- **Information shown**
(* Let $X=\bigcup_{w\in W}V_w$. The translates $\lambda+X$, $\lambda\in\Lambda$, are pairwise disjoint.
   Context: $V$ is a finite-dimensional real Euclidean space, $W$ an irreducible Weyl group acting linearly on $V$ with simple roots $\alpha_1,\dots,\alpha_l$, highest root $\alpha_{\max}$, $\alpha_0:=-\alpha_{\max}$, $\alpha^\vee=2\alpha/\langle\alpha,\alpha\rangle$. $\Lambda=\mathbb Z[\alpha_1^\vee,\dots,\alpha_l^\vee]$ is the coroot lattice. Alcove $A=\{x\mid\langle\alpha_i,x\rangle+\delta_{i,0}>0,\ i=0,\dots,l\}$. For $w\in W$, $V_w=(\mathrm{id}-w)(A)=\{x-w(x)\mid x\in A\}$. *)

From HB Require Import structures.
From mathcomp Require Import all_boot all_order all_algebra.
Set Implicit Arguments. Unset Strict Implicit. Unset Printing Implicit Defensive.
Import Order.TTheory GRing.Theory Num.Theory.
Local Open Scope ring_scope.

Section RootData.
Variables (R : realFieldType) (n : nat).
Local Notation V := 'rV[R]_n.

Definition dot (u v : V) : R := (u *m v^T) 0 0.

Definition coroot (a : V) : V := (2 / dot a a) *: a.

Definition refl (a : V) (x : V) : V := x - dot (coroot a) x *: a.

Definition is_root_system (Phi : seq V) : Prop :=
  [/\ (0 : V) \notin Phi,
      (forall a b, a \in Phi -> b \in Phi -> refl a b \in Phi),
      (forall a b, a \in Phi -> b \in Phi ->
         exists z : int, dot (coroot a) b = z%:~R) &
      (forall a (c : R), a \in Phi -> c *: a \in Phi -> c = 1 \/ c = -1)].

Definition irreducible_rs (Phi : seq V) : Prop :=
  forall P : pred V,
    (exists2 a, a \in Phi & P a) -> (exists2 b, b \in Phi & ~~ P b) ->
    exists a b, [/\ a \in Phi, b \in Phi, P a, ~~ P b & dot a b != 0].

Definition simple_roots (Phi : seq V) (alpha : 'I_n -> V) : Prop :=
  [/\ (forall i, alpha i \in Phi),
      row_free (\matrix_(i < n) alpha i) &
      (forall b, b \in Phi -> exists c : 'I_n -> int,
          b = \sum_(i < n) alpha i *~ c i /\
          ((forall i, 0 <= c i) \/ (forall i, c i <= 0)))].

Definition highest_root (Phi : seq V) (alpha : 'I_n -> V) (amax : V) : Prop :=
  amax \in Phi /\
  forall b, b \in Phi -> exists c : 'I_n -> int,
    (forall i, 0 <= c i) /\ amax - b = \sum_(i < n) alpha i *~ c i.

Definition weyl_act (s : seq V) (x : V) : V := foldr refl x s.

Definition in_weyl (Phi : seq V) (w : V -> V) : Prop :=
  exists2 s : seq V, all (fun a => a \in Phi) s & w =1 weyl_act s.

Definition in_coroot_lattice (alpha : 'I_n -> V) (lam : V) : Prop :=
  exists k : 'I_n -> int, lam = \sum_(i < n) coroot (alpha i) *~ k i.

(* fundamental alcove A (with alpha_0 = - amax) *)
Definition in_alcove (alpha : 'I_n -> V) (amax : V) (x : V) : Prop :=
  (forall i, 0 < dot (alpha i) x) /\ 0 < dot (- amax) x + 1.

Definition in_Vw (alpha : 'I_n -> V) (amax : V) (w : V -> V) (y : V) : Prop :=
  exists2 x, in_alcove alpha amax x & y = x - w x.

Definition in_X (Phi : seq V) (alpha : 'I_n -> V) (amax : V) (y : V) : Prop :=
  exists2 w, in_weyl Phi w & in_Vw alpha amax w y.

End RootData.

From Pilot Require Import Defs.
From HB Require Import structures.
From mathcomp Require Import all_boot all_order all_algebra ring.
Set Implicit Arguments. Unset Strict Implicit. Unset Printing Implicit Defensive.
Import Order.TTheory GRing.Theory Num.Theory.
Local Open Scope ring_scope.

(* Suppose [y - lam = x - w x] and [y - mu = x' - w' x'] with [x, x'] in the
   alcove [A].  Then [x - (w^-1 w' x' + w^-1 (lam - mu)) = w^-1 (x - x')], so
   the point [w^-1 w' x' + w^-1 (lam - mu)] of the orbit of [x'] under the
   affine Weyl group [W |x Lambda] is exactly as far from [x] as [x'] is.  The
   core of the proof is that [x'] is the point of this orbit closest to [x],
   strictly so as soon as the translation part is nonzero; hence [lam = mu]. *)

Section InnerProduct.
Variables (R : realFieldType) (n : nat).
Local Notation V := 'rV[R]_n.
Local Notation dot := (@dot R n).

Lemma dotE (u v : V) : dot u v = \sum_j u 0 j * v 0 j.
Proof. by rewrite /Defs.dot mxE; apply: eq_bigr => j _; rewrite mxE. Qed.

Lemma dotC (u v : V) : dot u v = dot v u.
Proof. by rewrite !dotE; apply: eq_bigr => j _; rewrite mulrC. Qed.

Lemma dotDl (u v w : V) : dot (u + v) w = dot u w + dot v w.
Proof. by rewrite !dotE -big_split; apply: eq_bigr => j _; rewrite mxE mulrDl. Qed.

Lemma dotZl a (u w : V) : dot (a *: u) w = a * dot u w.
Proof. by rewrite !dotE mulr_sumr; apply: eq_bigr => j _; rewrite mxE mulrA. Qed.

Lemma dotNl (u w : V) : dot (- u) w = - dot u w.
Proof. by rewrite -scaleN1r dotZl mulN1r. Qed.

Lemma dotBl (u v w : V) : dot (u - v) w = dot u w - dot v w.
Proof. by rewrite dotDl dotNl. Qed.

Lemma dot0l (w : V) : dot 0 w = 0.
Proof. by rewrite -(scale0r (0 : V)) dotZl mul0r. Qed.

Lemma dotzl (u w : V) (z : int) : dot (u *~ z) w = dot u w *~ z.
Proof. by rewrite -scaler_int dotZl mulrzl. Qed.

Lemma dot_suml I (r : seq I) (F : I -> V) w :
  dot (\sum_(i <- r) F i) w = \sum_(i <- r) dot (F i) w.
Proof.
elim: r => [|a r IH]; first by rewrite !big_nil dot0l.
by rewrite !big_cons dotDl IH.
Qed.

Lemma dotDr (u v w : V) : dot w (u + v) = dot w u + dot w v.
Proof. by rewrite dotC dotDl !(dotC w). Qed.

Lemma dotZr a (u w : V) : dot w (a *: u) = a * dot w u.
Proof. by rewrite dotC dotZl dotC. Qed.

Lemma dotNr (u w : V) : dot w (- u) = - dot w u.
Proof. by rewrite dotC dotNl dotC. Qed.

Lemma dotBr (u v w : V) : dot w (u - v) = dot w u - dot w v.
Proof. by rewrite dotDr dotNr. Qed.

Lemma dot0r (w : V) : dot w 0 = 0.
Proof. by rewrite dotC dot0l. Qed.

Lemma dot_sumr I (r : seq I) (F : I -> V) w :
  dot w (\sum_(i <- r) F i) = \sum_(i <- r) dot w (F i).
Proof. by rewrite dotC dot_suml; apply: eq_bigr => i _; apply: dotC. Qed.

Lemma dot_ge0 (u : V) : 0 <= dot u u.
Proof. by rewrite dotE; apply: sumr_ge0 => j _; rewrite -expr2 sqr_ge0. Qed.

Lemma dot_eq0 (u : V) : (dot u u == 0) = (u == 0).
Proof.
apply/idP/idP; last by move/eqP->; rewrite dot0l.
rewrite dotE psumr_eq0 => [/allP H|j _]; last by rewrite -expr2 sqr_ge0.
apply/eqP/rowP => j; rewrite mxE.
by have := H j (mem_index_enum j); rewrite -expr2 sqrf_eq0 => /eqP.
Qed.

Lemma dot_gt0 (u : V) : u != 0 -> 0 < dot u u.
Proof. by move=> u_nz; rewrite lt_def dot_eq0 u_nz dot_ge0. Qed.

Lemma dot_add_scale (u v : V) f :
  dot (u + f *: v) (u + f *: v) = dot u u + f * (2 * dot u v + f * dot v v).
Proof.
rewrite dotDl !dotDr !dotZl !dotZr (dotC v u) mulr_natl mulr2n !mulrDr !addrA.
by rewrite mulrA.
Qed.

End InnerProduct.

Section Reflections.
Variables (R : realFieldType) (n : nat).
Local Notation V := 'rV[R]_n.
Local Notation dot := (@dot R n).
Local Notation coroot := (@coroot R n).
Local Notation refl := (@refl R n).

Lemma dot_corootl (a u : V) : dot (coroot a) u = 2 / dot a a * dot a u.
Proof. by rewrite /coroot dotZl. Qed.

Lemma dot_corootr (a u : V) : dot u (coroot a) = 2 / dot a a * dot u a.
Proof. by rewrite /coroot dotZr. Qed.

Lemma dot_coroot_self (a : V) : a != 0 -> dot (coroot a) a = 2.
Proof. by move=> a_nz; rewrite dot_corootl mulfVK // dot_eq0. Qed.

Lemma corootN (a : V) : coroot (- a) = - coroot a.
Proof. by rewrite /coroot dotNl dotNr opprK scalerN. Qed.

Lemma reflE (a x : V) : refl a x = x - dot a x *: coroot a.
Proof. by rewrite /Defs.refl dot_corootl /coroot scalerA mulrC. Qed.

Lemma reflD a (u v : V) : refl a (u + v) = refl a u + refl a v.
Proof. by rewrite /Defs.refl dotDr scalerDl opprD addrACA. Qed.

Lemma reflZ a c (u : V) : refl a (c *: u) = c *: refl a u.
Proof. by rewrite /Defs.refl dotZr scalerBr scalerA. Qed.

Lemma reflN a (u : V) : refl a (- u) = - refl a u.
Proof. by rewrite -scaleN1r reflZ scaleN1r. Qed.

Lemma reflB a (u v : V) : refl a (u - v) = refl a u - refl a v.
Proof. by rewrite reflD reflN. Qed.

Lemma refl0 a : refl a 0 = 0.
Proof. by rewrite /Defs.refl dot0r scale0r subr0. Qed.

Lemma refl_negroot (a u : V) : refl (- a) u = refl a u.
Proof. by rewrite /Defs.refl corootN dotNl scaleNr scalerN opprK. Qed.

Lemma refl_self (a : V) : a != 0 -> refl a a = - a.
Proof.
move=> a_nz; rewrite /Defs.refl dot_coroot_self // scaler_nat.
by rewrite mulr2n opprD addNKr.
Qed.

Lemma reflK (a : V) : a != 0 -> involutive (refl a).
Proof.
move=> a_nz u; rewrite {2}/Defs.refl reflB reflZ refl_self //.
by rewrite scalerN opprK /Defs.refl subrK.
Qed.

- **Exercise instructions**
Please go through the material and return each line where the word "Lambda" appears.

- **Task output**
(* Let $X=\bigcup_{w\in W}V_w$. The translates $\lambda+X$, $\lambda\in\Lambda$, are pairwise disjoint.
   Context: $V$ is a finite-dimensional real Euclidean space, $W$ an irreducible Weyl group acting linearly on $V$ with simple roots $\alpha_1,\dots,\alpha_l$, highest root $\alpha_{\max}$, $\alpha_0:=-\alpha_{\max}$, $\alpha^\vee=2\alpha/\langle\alpha,\alpha\rangle$. $\Lambda=\mathbb Z[\alpha_1^\vee,\dots,\alpha_l^\vee]$ is the coroot lattice. Alcove $A=\{x\mid\langle\alpha_i,x\rangle+\delta_{i,0}>0,\ i=0,\dots,l\}$. For $w\in W$, $V_w=(\mathrm{id}-w)(A)=\{x-w(x)\mid x\in A\}$. *)
   affine Weyl group [W |x Lambda] is exactly as far from [x] as [x'] is.  The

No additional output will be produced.